Highlights & Insights¶
- "Shared geometry + multi-decoders" is a clean decoupling paradigm: By keeping geometry shared and changing only color, cross-weather structural consistency is naturally guaranteed. Switching weather is simply changing a decoder, not a scene. This can be extended to any controllable editing (day/night, seasons, material styles).
- Treating dynamic weather as nodes in the scene graph for unified rasterization avoids separate passes and ensures correct occlusion/blending. This is the fundamental reason for achieving real-time 25.67 FPS with physical consistency.
- The strategy of "using 2D editing for supervision and 3D consistency loss for correction" is a practical combination. it leverages the editing power of foundation models while using \(\mathcal{L}_{cc}\) to suppress their frame-wise inconsistency, preventing content hallucinations.
Limitations & Future Work¶
- Weather quality is capped by Qwen-Image: Appearance supervision relies on a single editing base; bias or distortions in the base are propagated to 3D. \(\mathcal{L}_{cc}\) only corrects local inconsistencies, not systemic incorrect appearances.
- Physical particles follow manual rules: Shapes, motion equations, and parameters (density, fog density) are manually set and may not perfectly match meteorological statistics.
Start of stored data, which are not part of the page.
(* Let $n\ge 2$, $N=\{1,\dots,n\}$, for each $i\in N$ let $A_i$ be a nonempty finite set, $A=\prod_{i\in N}A_i$, $u_i:A\to\mathbb{R}$, $u(a)=(u_i(a))_{i\in N}$. Let $V=\operatorname{co}\{u(a):a\in A\}$ and $F^*=\prod_{i\in N}\left[\min_{a\in A}u_i(a),\ \max_{a\in A}u_i(a)\right]$. (1) If $V\neq F^*$, then for all $\delta,\delta'\in(0,1]$ and $T,T'\in\mathbb{N}$ with $\delta^T<(\delta')^{T'}$, we have $F(\delta',T')\subsetneq F(\delta,T)$. (2) If $V=F^*$, then $F(\delta,T)=V$ for all $\delta\in(0,1]$ and $T\in\mathbb{N}$.
   Context: $\operatorname{co}$ denotes convex hull. For $\delta\in(0,1]$, $T\in\mathbb{N}$ and $a^{[nT]}=(a^1,\dots,a^{nT})\in A^{nT}$, extend indices by $a^s=a^{s-nT}$ for $s\ge nT+1$, set $U_i(a^{[nT]})=\frac{1}{\sum_{k=1}^{nT}\delta^{k-1}}\sum_{k=1}^{nT}\delta^{k-1}u_i(a^{(i-1)T+k})$, $U=(U_i)_{i\in N}$, and $F(\delta,T)=\operatorname{co}\left(\bigcup_{a^{[nT]}\in A^{nT}}\{U(a^{[nT]})\}\right)$. (The paper writes $F(\Delta)$ for $F(\delta,T)$ with $\Delta=\delta^T$.) *)

From HB Require Import structures.
From mathcomp Require Import all_boot all_order all_algebra.
From mathcomp Require Import boolp classical_sets reals.
Set Implicit Arguments. Unset Strict Implicit. Unset Printing Implicit Defensive.
Import Order.TTheory GRing.Theory Num.Theory.
Local Open Scope ring_scope.
Local Open Scope classical_set_scope.

(* Players are 'I_n (player i+1 of the paper is i : 'I_n, 0-based).
   A profile (element of A = prod_i A_i) is a dependent finite function. *)
Definition prof (n : nat) (A : 'I_n -> finType) := {dffun forall i : 'I_n, A i}.

Definition co (R : realType) (n : nat) (S : set ('I_n -> R)) : set ('I_n -> R) :=
  [set x | exists (m : nat) (w : 'I_m -> R) (p : 'I_m -> ('I_n -> R)),
     (forall k, 0 <= w k) /\ \sum_(k < m) w k = 1 /\ (forall k, S (p k)) /\
     x = (fun i => \sum_(k < m) w k * p k i)].

Lemma ord_pos m (k : 'I_m) : (0 < m)%N.
Proof. by apply: leq_ltn_trans (ltn_ord k). Qed.

(* index s (0-based), taken modulo m: periodic extension a^s = a^{s-m} *)
Definition cyc_idx m (k : 'I_m) (s : nat) : 'I_m := Ordinal (ltn_pmod s (ord_pos k)).

(* U_i(a^{[nT]}), with 0-based i and k:  a^{(i-1)T+k} (1-based) = a_{(i*T + k) mod nT} (0-based) *)
Definition Ui (R : realType) n (A : 'I_n -> finType) (u : 'I_n -> prof A -> R)
  (delta : R) (T : nat) (a : 'I_(n * T) -> prof A) (i : 'I_n) : R :=
  (\sum_(k < n * T) delta ^+ k * u i (a (cyc_idx k (i * T + k)%N)))
  / (\sum_(k < n * T) delta ^+ k).

Definition F (R : realType) n (A : 'I_n -> finType) (u : 'I_n -> prof A -> R)
  (delta : R) (T : nat) : set ('I_n -> R) :=
  co [set Ui u delta a | a in [set: 'I_(n * T) -> prof A]].

Definition V (R : realType) n (A : 'I_n -> finType) (u : 'I_n -> prof A -> R) :
  set ('I_n -> R) := co [set (fun i => u i a) | a in [set: prof A]].

(* F^* = prod_i [min_a u_i(a), max_a u_i(a)] (A finite, nonempty: min/max attained) *)
Definition Fstar (R : realType) n (A : 'I_n -> finType) (u : 'I_n -> prof A -> R) :
  set ('I_n -> R) :=
  [set x | forall i, (exists a, u i a <= x i) /\ (exists b, x i <= u i b)].

From HB Require Import structures.
From mathcomp Require Import all_boot all_order all_algebra.
From mathcomp Require Import boolp classical_sets reals.
From mathcomp Require Import ring lra.
Set Implicit Arguments.
Unset Strict Implicit.
Unset Printing Implicit Defensive.
Import Order.TTheory GRing.Theory Num.Theory.
Local Open Scope ring_scope.
Local Open Scope classical_set_scope.

(* Write D = delta^T.  Cutting the cycle of length nT into n blocks of length T,
   the payoff of player i is sum_l w_D(l) * (average payoff in block i + l), where
   w_D(l) = D^l / sum_l' D^l' are geometric weights indexed by Z/nZ.  If D < D', then
   w_D' is a convex combination of the cyclic rotations of w_D, which turns every
   payoff vector of F(delta',T') into a convex combination of payoff vectors of
   block-constant sequences, all of which lie in F(delta,T).

   Conversely, if F(delta,T) were contained in F(delta',T'), the support functions
   of the two polytopes would agree; by the same convex combination this forces, for
   every direction mu, one profile maximising simultaneously the n tilted functionals
   sum_i w_D(k - i) mu_i u_i.  Tilting a direction with prescribed signs and a unique
   maximiser m times towards player k keeps that maximiser (by a perturbation
   argument), and as m grows player k's weight dominates: the maximiser maximises or
   minimises u_k according to the sign.  So every corner of F* is a pure payoff
   vector and F* = V.  Part (2) is the sandwich V <= F(delta,T) <= F* = V. *)

(** * Convex combinations and convex hulls *)

Section ConvexCombinations.
Variable R : realFieldType.

Lemma convex_comb_le (I : finType) (w f : I -> R) C :
  (forall k, 0 <= w k) -> \sum_k w k = 1 -> (forall k, f k <= C) ->
  \sum_k w k * f k <= C.
Proof.
move=> w_ge0 w_sum1 f_le; rewrite -[leRHS]mul1r -w_sum1 mulr_suml.
by apply: ler_sum => k _; apply: ler_wpM2l.
Qed.

Lemma convex_comb_ge (I : finType) (w f : I -> R) C :
  (forall k, 0 <= w k) -> \sum_k w k = 1 -> (forall k, C <= f k) ->
  C <= \sum_k w k * f k.
Proof.
move=> w_ge0 w_sum1 f_ge; rewrite -[leLHS]mul1r -w_sum1 mulr_suml.
by apply: ler_sum => k _; apply: ler_wpM2l.
Qed.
Intensity control remains empirical.
- Evaluation scale is limited: Only 5 scenes × 30 frames were tested. Metrics like CLIP-S/DS/Sem-CS focus on semantic alignment; direct verification of downstream closed-loop simulation effectiveness is missing.
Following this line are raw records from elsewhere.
Lemma sformZl A a x y : sform A (a *: x) y = a^* * sform A x y.
Proof. by rewrite /sform adjmxZ -!scalemxAl mxE. Qed.

Lemma sformZr A a x y : sform A x (a *: y) = a * sform A x y.
Proof. by rewrite /sform -scalemxAr mxE. Qed.

Lemma qform_adjmx A v : qform (adjmx A) v = (qform A v)^*.
Proof. exact: sform_adjmx. Qed.

Lemma qformD A B v : qform (A + B) v = qform A v + qform B v.
Proof. exact: sformDmx. Qed.

Lemma qformB A B v : qform (A - B) v = qform A v - qform B v.
Proof. by rewrite qformD; congr (_ + _); apply: sformNmx. Qed.

Lemma qformZ a A v : qform (a *: A) v = a * qform A v.
Proof. exact: sformZmx. Qed.

Lemma qform0 A : qform A 0 = 0.
Proof. by rewrite /qform /sform adjmx0 !mul0mx mxE. Qed.

Lemma qform_conj m (U : 'M[C]_(m, n)) A (v : 'cV[C]_m) :
  qform (U *m A *m adjmx U) v = qform A (adjmx U *m v).
Proof. by rewrite /qform /sform adjmxM adjmxK !mulmxA. Qed.

Definition ecol (i : 'I_n) : 'cV[C]_n := delta_mx i ord0.

Lemma ecol_neq0 i : ecol i != 0.
Proof.
by apply/negP => /eqP /matrixP /(_ i ord0) /eqP; rewrite !mxE !eqxx oner_eq0.
Qed.

Lemma sform_ecol A i j : sform A (ecol i) (ecol j) = A i j.
Proof.
rewrite /sform /ecol.
have -> : adjmx (ecol i) = delta_mx ord0 i.
  by apply/matrixP=> a b; rewrite adjmxE !mxE; case: (b == i); case: (a == ord0);
    rewrite ?rmorph0 ?rmorph1.
by rewrite -rowE -colE !mxE.
Qed.

(* Polarization with the test vectors e_i + e_j and e_i + i e_j. *)
Lemma qform_eq0 A : (forall v, qform A v = 0) -> A = 0.
Proof.
move=> A0; apply/matrixP=> i j; rewrite mxE.
have Akk k : A k k = 0 by rewrite -sform_ecol; apply: A0.
have := A0 (ecol i + ecol j); have := A0 (ecol i + 'i *: ecol j).
rewrite /qform !sformDl !sformDr !sformZl !sformZr !sform_ecol !Akk conjCi.
rewrite !(mulr0, add0r, addr0) => Ei Ej.
have Aji : A j i = - A i j by apply/eqP; rewrite -addr_eq0 addrC Ej.
move: Ei; rewrite Aji mulrN mulNr opprK -mulr2n => /eqP; rewrite mulrn_eq0 /=.
by rewrite mulf_eq0 (negPf (neq0Ci C)) => /eqP.
Qed.

Lemma psdmx_herm A : psdmx A -> adjmx A = A.
Proof.
move=> psdA; apply/eqP; rewrite -subr_eq0; apply/eqP; apply: qform_eq0 => v.
by rewrite qformB qform_adjmx geC0_conj ?subrr.
Qed.

Lemma psdmx0 : psdmx (0 : 'M[C]_n).
Proof. by move=> v; rewrite /qform /sform mulmx0 mul0mx mxE. Qed.

Lemma psdmxD A B : psdmx A -> psdmx B -> psdmx (A + B).
Proof. by move=> psdA psdB v; rewrite qformD addr_ge0. Qed.

Lemma psdmxZ a A : 0 <= a -> psdmx A -> psdmx (a *: A).
Proof. by move=> a0 psdA v; rewrite qformZ mulr_ge0. Qed.

Lemma qform1E v : qform 1%:M v = \sum_i v i ord0 * (v i ord0)^*.
Proof. by rewrite /qform /sform mulmx1 mxE; apply: eq_bigr => k _; rewrite !mxE mulrC. Qed.

Lemma psdmx1 : psdmx (1%:M : 'M[C]_n).
Proof. by move=> v; rewrite qform1E sumr_ge0 // => i _; apply: mul_conjC_ge0. Qed.

Lemma qform1_gt0 v : v != 0 -> 0 < qform 1%:M v.
Proof.
move=> v0; rewrite lt_def psdmx1 andbT; apply: contra v0; rewrite qform1E => /eqP.
move=> /(psumr_eq0P (fun k _ => mul_conjC_ge0 (v k ord0))) vk0.
by apply/eqP/matrixP=> i j; rewrite ord1 mxE; apply/eqP; rewrite -mul_conjC_eq0 vk0.
Qed.

Lemma qform1_neq0 v : v != 0 -> qform 1%:M v != 0.
Proof. by move=> v0; rewrite gt_eqF // qform1_gt0. Qed.

Lemma psdmx_scalar a : 0 <= a -> psdmx (a%:M : 'M[C]_n).
Proof. by move=> a0; rewrite -scalemx1; apply: psdmxZ => //; apply: psdmx1. Qed.

Lemma psdmx_scalarB_le (a b : C) A :
  psdmx (a%:M - A) -> a <= b -> psdmx (b%:M - A).
Proof.
move=> psdaA ab; have -> : b%:M - A = (b - a)%:M + (a%:M - A).
  by rewrite addrA -raddfD /= subrK.
by apply: psdmxD => //; apply: psdmx_scalar; rewrite subr_ge0.
Qed.

Lemma psdmx_diag_ge0 A i : psdmx A -> 0 <= A i i.
Proof. by move=> psdA; rewrite -sform_ecol; apply: psdA. Qed.

End Forms.

Lemma psdmx_conj m n (U : 'M[C]_(m, n)) (A : 'M[C]_n) :
  psdmx A -> psdmx (U *m A *m adjmx U).
Proof. by move=> psdA v; rewrite qform_conj. Qed.

(** * Rank-one projections *)

Section Rank1.
Variable n : nat.
Implicit Types (A B X : 'M[C]_n) (v w : 'cV[C]_n).

Definition rank1mx v : 'M[C]_n := v *m adjmx v.

Lemma mxtrace_mul_rank1mx A v : \tr (A *m rank1mx v) = qform A v.
Proof.
by rewrite /rank1mx mulmxA mxtrace_mulC /mxtrace big_ord1 /qform /sform mulmxA.
Qed.

Lemma psdmx_rank1mx v : psdmx (rank1mx v).
Proof.
move=> w; rewrite /qform /sform /rank1mx !mulmxA -mulmxA mxE big_ord1.
have -> : (adjmx v *m w) ord0 ord0 = ((adjmx w *m v) ord0 ord0)^*.
  by rewrite -[in RHS](mulmx1 (adjmx w)) -/(sform _ w v) -sform_adjmx adjmx1 /sform mulmx1.
by rewrite mul_conjC_ge0.
Qed.

Lemma psdmx_spectral A : psdmx A -> exists (P : 'M[C]_n) (d : 'rV[C]_n),
  [/\ adjmx P *m P = 1%:M, P *m adjmx P = 1%:M, (forall k, 0 <= d ord0 k) &
      A = adjmx P *m diag_mx d *m P].
Proof.
move=> psdA.
have /orthomx_spectralP eA : A \is normalmx.
  by apply/normalmxP; rewrite adjmx_trmxC psdmx_herm.
set P := spectralmx A in eA; set d := spectral_diag A in eA.
have uP : P \is unitarymx by apply: spectral_unitarymx.
have PP : P *m adjmx P = 1%:M by rewrite -adjmx_trmxC; apply/unitarymxP.
have iP : invmx P = adjmx P by rewrite invmx_unitary // adjmx_trmxC.
have PP' : adjmx P *m P = 1%:M by rewrite -iP mulVmx // unitarymx_unit.
rewrite iP in eA; exists P, d; split => // k.
have := psdmx_diag_ge0 k (psdmx_conj P psdA).
by rewrite eA !mulmxA PP mul1mx -mulmxA PP mulmx1 mxE eqxx mulr1n.
Qed.

Lemma mxtrace_mul_diag A (d : 'rV[C]_n) :
  \tr (A *m diag_mx d) = \sum_i A i i * d ord0 i.
Proof. by rewrite mul_mx_diag /mxtrace; apply: eq_bigr => i _; rewrite mxE. Qed.

Lemma mxtrace_mul_psdmx_ge0 A B : psdmx A -> psdmx B -> 0 <= \tr (A *m B).
Proof.
move=> psdA /psdmx_spectral [P [d [_ _ d0 ->]]].
rewrite !mulmxA mxtrace_mulC !mulmxA mxtrace_mul_diag sumr_ge0 // => i _.
by rewrite mulr_ge0 // psdmx_diag_ge0 //; apply: psdmx_conj.
Qed.

Lemma qform_diag (d : 'rV[C]_n) v :
  qform (diag_mx d) v = \sum_i d ord0 i * (v i ord0 * (v i ord0)^*).
Proof. by rewrite /qform /sform mul_mx_diag mxE; apply: eq_bigr => k _; rewrite !mxE; ring. Qed.
Lemma met_val x y : 0 <= d x y <= 1. Proof. apply Hd. Qed.
Lemma met_refl x : d x x = 0. Proof. apply Hd; reflexivity. Qed.
Lemma met_sym x y : d x y = d y x. Proof. apply Hd. Qed.
Lemma met_tri x y z : d x z <= d x y + d y z. Proof. apply Hd. Qed.
Lemma met_eq x y : d x y = 0 -> x = y. Proof. apply Hd. Qed.

Lemma null_met_refl (x : nat -> X) : null (fun n => d (x n) (x n)).
Proof. apply null_nonpos; intro n; rewrite met_refl; lra. Qed.

Lemma null_met_sym (x y : nat -> X) :
  null (fun n => d (x n) (y n)) -> null (fun n => d (y n) (x n)).
Proof. apply null_le; intro n; rewrite met_sym; lra. Qed.

Lemma null_met_trans (x y z : nat -> X) :
  null (fun n => d (x n) (y n)) -> null (fun n => d (y n) (z n)) -> null (fun n => d (x n) (z n)).
Proof. intros H1 H2; apply (null_le _ _ (fun n => met_tri (x n) (y n) (z n))); apply null_plus; auto. Qed.
End Metric.


Lemma per_intro {X : Type} (Rl : X -> X -> R) :
  (forall x y, 0 <= Rl x y <= 1) ->
  (forall x y : nat -> X, null (fun n => Rl (x n) (y n)) -> null (fun n => Rl (y n) (x n))) ->
  (forall x y z : nat -> X, null (fun n => Rl (x n) (y n)) -> null (fun n => Rl (y n) (z n)) ->
     null (fun n => Rl (x n) (z n))) ->
  is_per Rl.
Proof.
  intros Hv Hsym Htr. split; [intros [x y]; apply Hv|split].
  - apply sq_seq2; intros x y H; apply Hsym, H.
  - apply sq_seq3; intros x y z H; simpl in H.
    apply (Htr x y z); [exact (null_max_l _ _ H)|exact (null_max_r _ _ H)].
Qed.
- Future Directions: Include learnable particle parameters calibrated from real weather data; incorporate multiple editing bases to reduce bias; perform closed-loop validation (synthetic training for real extreme weather testing).
Related Work & Insights¶
- vs StreetGaussians / OmniRe: These excel at dynamic urban reconstruction but only perform "object-level" editing. Weather is fixed to acquisition conditions. This work utilizes the scene graph from OmniRe but adds decoupling for weather.
- vs ControlNet / InstructPix2Pix / TurboEdit (2D Editing): These edit weather based on text but lack temporal consistency and depth-aware effects. This work lifts 2D editing to temporally consistent 4D through 3D representation and consistency losses.
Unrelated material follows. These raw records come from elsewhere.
(* Let $F$ be a field of characteristic zero and let $Q$ be a finite quiver with vertex set $Q_0=\{1,\dots,n\}$ such that the path algebra $FQ$ is a PI algebra. Let \[A_Q=\{A\in M_n(F)\mid A_{i,j}=0 \text{ whenever there is no path in } Q \text{ from } i \text{ to } j\}.\] Then $\mathrm{Id}(FQ)=\mathrm{Id}(A_Q)$.
   Context: Paths in $Q$ include the length-zero paths $e_i$ at each vertex $i$ (so there is always a path from $i$ to $i$). The path algebra $FQ$ is the $F$-vector space with basis all paths of $Q$, with product of paths $p,q$ equal to the concatenation $pq$ if the terminal vertex of $p$ equals the starting vertex of $q$, and $0$ otherwise. $M_n(F)$ is the algebra of $n\times n$ matrices over $F$. For an $F$-algebra $A$, $\mathrm{Id}(A)$ denotes the T-ideal of the free associative algebra $F\langle X\rangle$ consisting of all polynomial identities satisfied by $A$; $A$ is PI if $\mathrm{Id}(A)\neq\{0\}$. *)

From HB Require Import structures.
From mathcomp Require Import all_boot all_order all_algebra.
From mathcomp Require Import finmap.
Set Implicit Arguments. Unset Strict Implicit. Unset Printing Implicit Defensive.
Import Order.TTheory GRing.Theory Num.Theory.
Local Open Scope ring_scope.

(* A noncommutative polynomial is a finitely supported function from words
   (monomials x_{w_1} ... x_{w_k}, encoded as w : seq nat) to coefficients. *)
Definition ncpoly (F : fieldType) := {fsfun seq nat -> F with 0}.

Definition peval (F : fieldType) (T : Type) (add : T -> T -> T) (zero : T)
  (mul : T -> T -> T) (one : T) (scale : F -> T -> T)
  (f : ncpoly F) (x : nat -> T) : T :=
  \big[add/zero]_(w <- finsupp f) scale (f w) (foldr mul one (map x w)).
- vs ClimateNeRF / WeatherGS (3D Editing): ClimateNeRF only handles static weather (snow/water accumulation); WeatherGS focuses on removing weather artifacts. This work supports both background appearance and dynamic foreground particles with fine-grained control.
- vs Fiebelman et al. (Gaussian-Particle hybrid): They primarily focus on foreground particles without synchronous background editing. This work provides synchronized background and foreground control for higher realism.
Rating¶
- Novelty: ⭐⭐⭐⭐ The combination of "shared features + multi-weather decoders" and "2D editing for supervision with 3D correction" is a strong new strategy, though components are clever assemblies of existing tech.
- Experimental Thoroughness: ⭐⭐⭐⭐ Multi-dataset, quantitative/qualitative/ablation/speed results are provided. Specific module contributions are clear, though scene count is relatively small.
- Writing Quality: ⭐⭐⭐⭐ Clear structure, complete formulas, and logical flow.
- Value: ⭐⭐⭐⭐ Directly addresses the extreme weather data gap in autonomous driving simulation. The combination of real-time rendering, controllable intensity, and object-level editing is highly practical. Code is open-sourced.